The IRs from Ernest Cholakis sound very good - even though they often do not have a typical ER/Tail structure. Which still puzzles me.


----------



## ErnestCholakis (Jan 20, 2010)

Emanuel

At NAMM I released two new products *Full Orchestral Reverb & Timbral Impulses* (FORTI) and *Small Ensemble Reverb & Timbral Impulses* (SERTI) that do have separate ER and Tails (96KHz) and are all True Stereo. They work only with Vienna Suite. More information can be found at
http://www.numericalsound.com/FortiSerti.html or the VSL site

There are over 120 sound demos of both FORTI and SERTI at http://www.numericalsound.com/forti-ser ... demos.html

Both of these products also include Timbral Impulses at 44/48/96KHz


Ernest Cholakis
Numerical Sound/ProAudioVault
www.numericalsound.com
www.proaudiovault.com


----------



## SvK (Jan 20, 2010)

Ernest makes the BEST tail IRs out there. It's like a secret weapon.

SvK


----------



## alligatorlizard (Jan 26, 2010)

Just thought I'd say, after using these samplicity IR's (Lex 960) for a week or so now, I have to agree that they are excellent. A vast improvement on any IR's I've come across before! I'm not too technically-minded when it comes to how impulses work or are captured, but in aural terms, these simply seem to have more clarity, and size than any others I've tried. I'm essentially able to put things in bigger sounding spaces, without things getting muddy. To summarise, they _sound_ better... My search for great sounding reverb, at least for now, is over!

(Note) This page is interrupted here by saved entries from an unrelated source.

(* A Minkowski patch of Ein~ is a half {B(v,.) > 0} for an isotropic unit vector v, so
   M1 /\ M2 = {B(v1,.) > 0, B(v2,.) > 0}, and pi_X(M1 /\ M2) = {B(v1,.) B(v2,.) > 0}.
   Together with {B(v1,.) B(v2,.) < 0} this is a splitting of pi_X(M1) /\ pi_X(M2) into
   symmetric open sets, so everything reduces to the connectedness of M1 /\ M2.
   In the Minkowski chart of M1, a copy of R^{p,q}, the function B(v2,.) is either affine
   (and M1 /\ M2 is a half-space) or a nonzero multiple of the quadratic form Q centred at
   a point; for p, q >= 2 each region {+-Q > 0} is connected: a segment pushes any point
   onto the definite side of the sign in question, and two points there are joined
   avoiding the origin through a third vector orthogonal to both. *)

From Stdlib Require Import Reals Lra Lia FunctionalExtensionality Classical.
Open Scope R_scope.

Lemma rsum_ext f g n : (forall i, (i < n)%nat -> f i = g i) -> rsum f n = rsum g n.
Proof. induction n; intros H; simpl; auto. rewrite IHn, H; auto; intros; apply H; lia. Qed.

Lemma rsum_lin a b f g n :
  rsum (fun i => a * f i + b * g i) n = a * rsum f n + b * rsum g n.
Proof. induction n; simpl; [ring|]. rewrite IHn; ring. Qed.

Lemma rsum_add f g n : rsum (fun i => f i + g i) n = rsum f n + rsum g n.
Proof. induction n; simpl; [ring|]. rewrite IHn; ring. Qed.

Lemma rsum_scal a f n : rsum (fun i => a * f i) n = a * rsum f n.
Proof. induction n; simpl; [ring|]. rewrite IHn; ring. Qed.

Lemma rsum_le f g n : (forall i, (i < n)%nat -> f i <= g i) -> rsum f n <= rsum g n.
Proof.
  induction n; intros H; simpl; [lra|].
  assert (rsum f n <= rsum g n) by (apply IHn; intros; apply H; lia).
  specialize (H n ltac:(lia)); lra.
Qed.

Lemma rsum_eq0 f n : (forall i, (i < n)%nat -> f i = 0) -> rsum f n = 0.
Proof. induction n; intros H; simpl; [auto|]. rewrite IHn, H by (auto || (intros; apply H; lia)); ring. Qed.

Lemma rsum_ge0 f n : (forall i, (i < n)%nat -> 0 <= f i) -> 0 <= rsum f n.
Proof. intros H; rewrite <- (rsum_eq0 (fun _ => 0) n) by auto; apply rsum_le; auto. Qed.

Lemma rsum_term_le f n j :
  (forall i, (i < n)%nat -> 0 <= f i) -> (j < n)%nat -> f j <= rsum f n.
Proof.
  induction n; intros H Hj; simpl; [lia|].
  assert (0 <= rsum f n) by (apply rsum_ge0; intros; apply H; lia).
  destruct (Nat.eq_dec j n) as [->|]; [lra|].
  assert (f j <= rsum f n) by (apply IHn; [intros; apply H|]; lia).
  specialize (H n ltac:(lia)); lra.
Qed.

Lemma Rabs_rsum_le f n : Rabs (rsum f n) <= rsum (fun i => Rabs (f i)) n.
Proof.
  induction n; simpl; [rewrite Rabs_R0; lra|].
  eapply Rle_trans; [apply Rabs_triang|lra].
Qed.

Lemma rsum_mono_n f m n :
  (forall i, (i < n)%nat -> 0 <= f i) -> (m <= n)%nat -> rsum f m <= rsum f n.
Proof.
  intros Hf Hmn; induction Hmn as [|n Hmn IH]; simpl; [lra|].
  assert (0 <= f n) by (apply Hf; lia).
  assert (rsum f m <= rsum f n) by (apply IH; intros; apply Hf; lia); lra.
Qed.

Lemma rsum_three_le f n a :
  (forall i, (i < n)%nat -> 0 <= f i) -> (a + 2 < n)%nat ->
  f a + f (S a) + f (S (S a)) <= rsum f n.
Proof.
  intros Hf Ha.
  assert (H3 : rsum f (S (S (S a))) <= rsum f n) by (apply rsum_mono_n; auto; lia).
  assert (0 <= rsum f a) by (apply rsum_ge0; intros; apply Hf; lia).
  simpl in H3; lra.
Qed.

Definition vadd (x y : Vec) : Vec := fun i => x i + y i.
Definition vscal (a : R) (x : Vec) : Vec := fun i => a * x i.
Definition lerp (x y : Vec) (t : R) : Vec := vadd (vscal (1 - t) x) (vscal t y).

Lemma lerp0 x y : lerp x y 0 = x.
Proof. extensionality i; unfold lerp, vadd, vscal; ring. Qed.
Lemma lerp1 x y : lerp x y 1 = y.
Proof. extensionality i; unfold lerp, vadd, vscal; ring. Qed.
Lemma lerp_sym x y t : lerp x y t = lerp y x (1 - t).
Proof. extensionality i; unfold lerp, vadd, vscal; ring. Qed.

Lemma convex_pos a b t : 0 < a -> 0 < b -> 0 <= t <= 1 -> 0 < (1 - t) * a + t * b.
Proof. intros; destruct (Rle_lt_dec t (1/2)); nra. Qed.

Section Form.

Variables p q : nat.
Hypothesis hp : (2 <= p)%nat.
Hypothesis hq : (2 <= q)%nat.

Local Notation dim := (p + q + 2)%nat.
Local Notation B := (Bform p q).
Local Notation Et := (Etilde p q).

Definition supported (x : Vec) : Prop := forall i, (dim <= i)%nat -> x i = 0.

Definition sgn (i : nat) : R := if Nat.ltb i (S p) then 1 else -1.

Lemma sgn_sqr i : sgn i * sgn i = 1.
Proof. unfold sgn; destruct (Nat.ltb i (S p)); ring. Qed.

Lemma Bform_sgn x y : B x y = rsum (fun i => sgn i * (x i * y i)) dim.
Proof. apply rsum_ext; intros; unfold sgn; destruct (Nat.ltb i (S p)); ring. Qed.

Lemma Bform_sym x y : B x y = B y x.
Proof. rewrite !Bform_sgn; apply rsum_ext; intros; ring. Qed.

Lemma Bform_addr x y z : B x (vadd y z) = B x y + B x z.
Proof.
  rewrite !Bform_sgn, <- rsum_add; apply rsum_ext; intros; unfold vadd; ring.
Qed.

Lemma Bform_scalr x a y : B x (vscal a y) = a * B x y.
Proof. rewrite !Bform_sgn, <- rsum_scal; apply rsum_ext; intros; unfold vscal; ring. Qed.

Lemma Bform_addl x y z : B (vadd y z) x = B y x + B z x.
Proof. rewrite !(Bform_sym _ x); apply Bform_addr. Qed.

Lemma Bform_scall x a y : B (vscal a y) x = a * B y x.
Proof. rewrite !(Bform_sym _ x); apply Bform_scalr. Qed.

Lemma Bform_oppl x y : B (vneg x) y = - B x y.
Proof.
  replace (vneg x) with (vscal (-1) x) by (extensionality i; unfold vneg, vscal; ring).
  rewrite Bform_scall; ring.
Qed.

Lemma Bform_oppr x y : B x (vneg y) = - B x y.
Proof. rewrite Bform_sym, Bform_oppl, Bform_sym; auto. Qed.

Ltac Bexpand :=
  repeat first [rewrite Bform_addr | rewrite Bform_addl | rewrite Bform_scalr | rewrite Bform_scall].

Definition ip (x y : Vec) : R := rsum (fun i => x i * y i) dim.

Lemma ip_sym x y : ip x y = ip y x.
Proof. apply rsum_ext; intros; ring. Qed.
Lemma ip_addr x y z : ip x (vadd y z) = ip x y + ip x z.
Proof. unfold ip; rewrite <- rsum_add; apply rsum_ext; intros; unfold vadd; ring. Qed.
Lemma ip_scalr x a y : ip x (vscal a y) = a * ip x y.
Proof. unfold ip; rewrite <- rsum_scal; apply rsum_ext; intros; unfold vscal; ring. Qed.
Lemma ip_addl x y z : ip (vadd y z) x = ip y x + ip z x.
Proof. rewrite !(ip_sym _ x); apply ip_addr. Qed.
Lemma ip_scall x a y : ip (vscal a y) x = a * ip y x.
Proof. rewrite !(ip_sym _ x); apply ip_scalr. Qed.

Ltac Iexpand :=
  repeat first [rewrite ip_addr | rewrite ip_addl | rewrite ip_scalr | rewrite ip_scall].

Lemma ip_self_ge0 x : 0 <= ip x x.
Proof. apply rsum_ge0; intros; apply Rle_0_sqr. Qed.

Lemma sqr_coord_le_ip x i : (i < dim)%nat -> x i * x i <= ip x x.
Proof. intros; apply (rsum_term_le (fun i => x i * x i)); auto; intros; apply Rle_0_sqr. Qed.

Lemma ip_self_le0 x : ip x x <= 0 -> forall i, (i < dim)%nat -> x i = 0.
Proof. intros H i Hi; pose proof (sqr_coord_le_ip x i Hi); nra. Qed.

Lemma Rabs_coord_le_edist x y i : (i < dim)%nat -> Rabs (x i - y i) <= edist p q x y.
Proof.
  intros Hi; unfold edist; rewrite <- sqrt_Rsqr_abs; apply sqrt_le_1_alt; unfold Rsqr.
  apply (rsum_term_le (fun i => (x i - y i) * (x i - y i))); auto; intros; apply Rle_0_sqr.
Qed.

Definition cartan (v : Vec) : Vec := fun i => sgn i * v i.

Lemma Bform_cartan v w : B (cartan v) w = ip v w.
Proof.
  rewrite Bform_sgn; apply rsum_ext; intros i _; unfold cartan.
  replace (sgn i * (sgn i * v i * w i)) with (sgn i * sgn i * (v i * w i)) by ring.
  rewrite sgn_sqr; ring.
Qed.

Lemma ip_cartan v w : ip v (cartan w) = B v w.
Proof. rewrite Bform_sgn; apply rsum_ext; intros; unfold cartan; ring. Qed.

Lemma Etilde_Bform_cartan v : Et v -> B v (cartan v) = 1.
Proof. intros [_ [_ Hn]]; rewrite Bform_sym, Bform_cartan; exact Hn. Qed.

Lemma Etilde_Bform_cartan2 v : Et v -> B (cartan v) (cartan v) = 0.
Proof. intros [_ [Hv _]]; rewrite Bform_cartan, ip_cartan; exact Hv. Qed.

Lemma supported_cartan v : supported v -> supported (cartan v).
Proof. intros H i Hi; unfold cartan; rewrite H by auto; ring. Qed.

I'm still not exactly sure what true stereo is as opposed to stereo though... If anyone can explain this succinctly, or suggest a link to somewhere i can read up on this, it would be much appreciated!


----------



## Nathan Allen Pinard (Jan 26, 2010)

Which preset collection should I get from Samplicity? The L96 one or the combined T600 and L96?


----------



## Peter Emanuel Roos (Jan 27, 2010)

alligatorlizard @ Wed Jan 27 said:


> Just thought I'd say, after using these samplicity IR's (Lex 960) for a week or so now, I have to agree that they are excellent. A vast improvement on any IR's I've come across before! I'm not too technically-minded when it comes to how impulses work or are captured, but in aural terms, these simply seem to have more clarity, and size than any others I've tried. I'm essentially able to put things in bigger sounding spaces, without things getting muddy. To summarise, they _sound_ better... My search for great sounding reverb, at least for now, is over!
> 
> I'm still not exactly sure what true stereo is as opposed to stereo though... If anyone can explain this succinctly, or suggest a link to somewhere i can read up on this, it would be much appreciated!

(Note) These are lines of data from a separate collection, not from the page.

Section Subsampling.
Context {d : measure_display} {T : measurableType d} {R : realType}.
Variables (mu : {measure set T -> \bar R}) (A : finType) (b : {set A} -> T -> R).
Variables (r : R) (k : divkind) (al : R) (Kp Km : nat) (V : \bar R).
Hypotheses (hb : is_base_mechanism mu b) (hr : 0 <= r <= 1) (hal : valid_alpha k al).
Hypothesis feasible_le : forall yy, feasible Km Kp yy ->
  (Psi mu k al
     (fun z => \sum_(i < Km.+1) b (yy.1 i) z * binom_pmf i Km r)%R
     (fun z => \sum_(j < Kp.+1) b (yy.2 j) z * binom_pmf j Kp r)%R <= V)%E.

Local Notation bounded := (Psi_bounded mu k al V).

Lemma nonneg_measurable_chain K l :
  nonneg_measurable (chain_sum b (poisson_weight r K) K l).
Proof.
have [r0 r1] : 0 <= r /\ 0 <= 1 - r by case/andP: hr => ? ?; rewrite subr_ge0.
apply: nonneg_measurable_wsum => i _; split.
  by rewrite mulr_ge0 ?ler0n // mulr_ge0 // exprn_ge0.
by case: (hb (nth finset.set0 l i)).
Qed.

Lemma bounded_chains Y s1 s2 :
  path nbr_or_eq Y s1 -> size s1 = Km -> path nbr_or_eq Y s2 -> size s2 = Kp ->
  bounded (chain_sum b (poisson_weight r Km) Km (Y :: s1))
          (chain_sum b (poisson_weight r Kp) Kp (Y :: s2)).
Proof.
move=> p1 z1 p2 z2; split; try exact: nonneg_measurable_chain.
rewrite !chain_sum_poisson; exact: feasible_le (feasible_paths p1 z1 p2 z2).
Qed.

Lemma bounded_mix_on (Y gm gp : {set A}) : #|gm| = Km -> #|gp| = Kp ->
  bounded (mix_on b r Y gm) (mix_on b r Y gp).
Proof.
move=> cgm cgp; rewrite /mix_on cgm cgp.
apply: (subset_sum_chain_hull b (Psi_bounded_convex_l hal V _) cgm) => s1 p1 z1.
apply: (subset_sum_chain_hull b (Psi_bounded_convex_r hal V _) cgp) => s2 p2 z2.
exact: bounded_chains.
Qed.

Lemma bounded_mix_on_common (gm gp C Y : {set A}) : #|gm| = Km -> #|gp| = Kp ->
  [disjoint C & gm] -> [disjoint C & gp] ->
  bounded (mix_on b r Y (C :|: gm)) (mix_on b r Y (C :|: gp)).
Proof.
move=> cgm cgp; move cC: #|C| => n; elim: n C Y cC => [|n IH] C Y cC dm dp.
  by rewrite (cards0_eq cC) !finset.set0U; exact: bounded_mix_on.
have [a aC] : exists a, a \in C by apply/finset.set0Pn; rewrite -card_gt0 cC.
have cCa : #|C :\ a| = n by move: cC; rewrite (cardsD1 a C) aC add1n => -[].
have sCa : C :\ a \subset C := finset.subD1set C a.
have CaG (G : {set A}) : [disjoint C & G] -> (C :|: G) :\ a = (C :\ a) :|: G.
  move=> dG; apply/finset.setP => x; rewrite !finset.inE.
  by case: (eqVneq x a) => [->|] //=; rewrite (disjointFr dG aC).
pose w (i : bool) := if i then r else 1 - r.
pose f (G : {set A}) (i : bool) := mix_on b r (if i then a |: Y else Y) ((C :\ a) :|: G).
have split_mix (G : {set A}) : [disjoint C & G] ->
    mix_on b r Y (C :|: G) = fun z => \sum_(i | xpredT i) w i * f G i z.
  move=> dG; apply/funext => z; rewrite big_bool /= addrC.
  rewrite (mix_on_split _ _ a); last by rewrite finset.inE aC.
  by rewrite (CaG G dG).
rewrite (split_mix _ dm) (split_mix _ dp); apply: (Psi_bounded_convex hal).
- by case=> _; case/andP: hr => r0 r1; rewrite /w ?subr_ge0.
- by rewrite /w big_bool /= addrC subrK.
- by case=> _; apply: IH; rewrite // (disjointWl sCa).
Qed.

Lemma mix_on_set0 x : mix b r x = mix_on b r finset.set0 x.
Proof.
apply/funext => z; rewrite /mix /mix_on /subset_sum [RHS]big_mkcond /=.
apply: eq_bigr => S _; rewrite /Defs.poisson_pmf /poisson_weight finset.set0U.
by case: ifP => _; rewrite ?mulr0 // mulrC.
Qed.

Lemma Psi_mix_le x x' : ds_rel Kp Km x x' -> (Psi mu k al (mix b r x) (mix b r x') <= V)%E.
Proof.
case=> gm [gp [gmx cgm gpx cgp ->]].
have ex : x = (x :\: gm) :|: gm.
  by rewrite finset.setDE finset.setUIl (finset.setUC (~: gm)) finset.setUCr finset.setIT
    (finset.setUidPl gmx).
have dm : [disjoint x :\: gm & gm] by rewrite finset.disjoints_subset finset.subsetDr.
have dp : [disjoint x :\: gm & gp].
  by rewrite disjoint_sym; apply: disjointWr gpx; exact: finset.subsetDl.
have [_ _] := bounded_mix_on_common _ _ _ finset.set0 cgm cgp dm dp.
by rewrite !mix_on_set0 -ex.
Qed.

End Subsampling.

Local Open Scope classical_set_scope.

Theorem theorem3p7 (d : measure_display) (T : measurableType d) (R : realType)
  (mu : {measure set T -> \bar R}) (A : finType) (b : {set A} -> T -> R)
  (r : R) (k : divkind) (alpha : R) (Kp Km : nat) (x x' : {set A}) :
  is_base_mechanism mu b ->
  0 <= r <= 1 ->
  valid_alpha k alpha ->
  ds_rel Kp Km x x' ->
  (Psi mu k alpha (mix b r x) (mix b r x') <=
   ereal_sup
     [set Psi mu k alpha
        (fun z => (\sum_(i < Km.+1) b (yy.1 i) z * binom_pmf i Km r)%R)
        (fun z => (\sum_(j < Kp.+1) b (yy.2 j) z * binom_pmf j Kp r)%R)
     | yy in feasible Km Kp])%E.
Proof.
move=> hb hr hal; apply: Psi_mix_le => // yy fyy.
by apply: ereal_sup_ubound; exists yy.
Qed.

Thanks for your great feedback!

True Stereo means:
You have two ""space" images, one for sound coming from the left and one for sound from the right. Only in this situation you can send a stereo sound through the reverb bus (or insert). The word stereo can make this confusing. The stereo IR files are not really "stereo", they contain two different impulses - there is no crosstalk in convolution. Like I said earlier, the new quad files in Samplicity make it easier to load TS IRs as one. This is supported by Waves IR1, Vienna Suite and Steinbert REVerence.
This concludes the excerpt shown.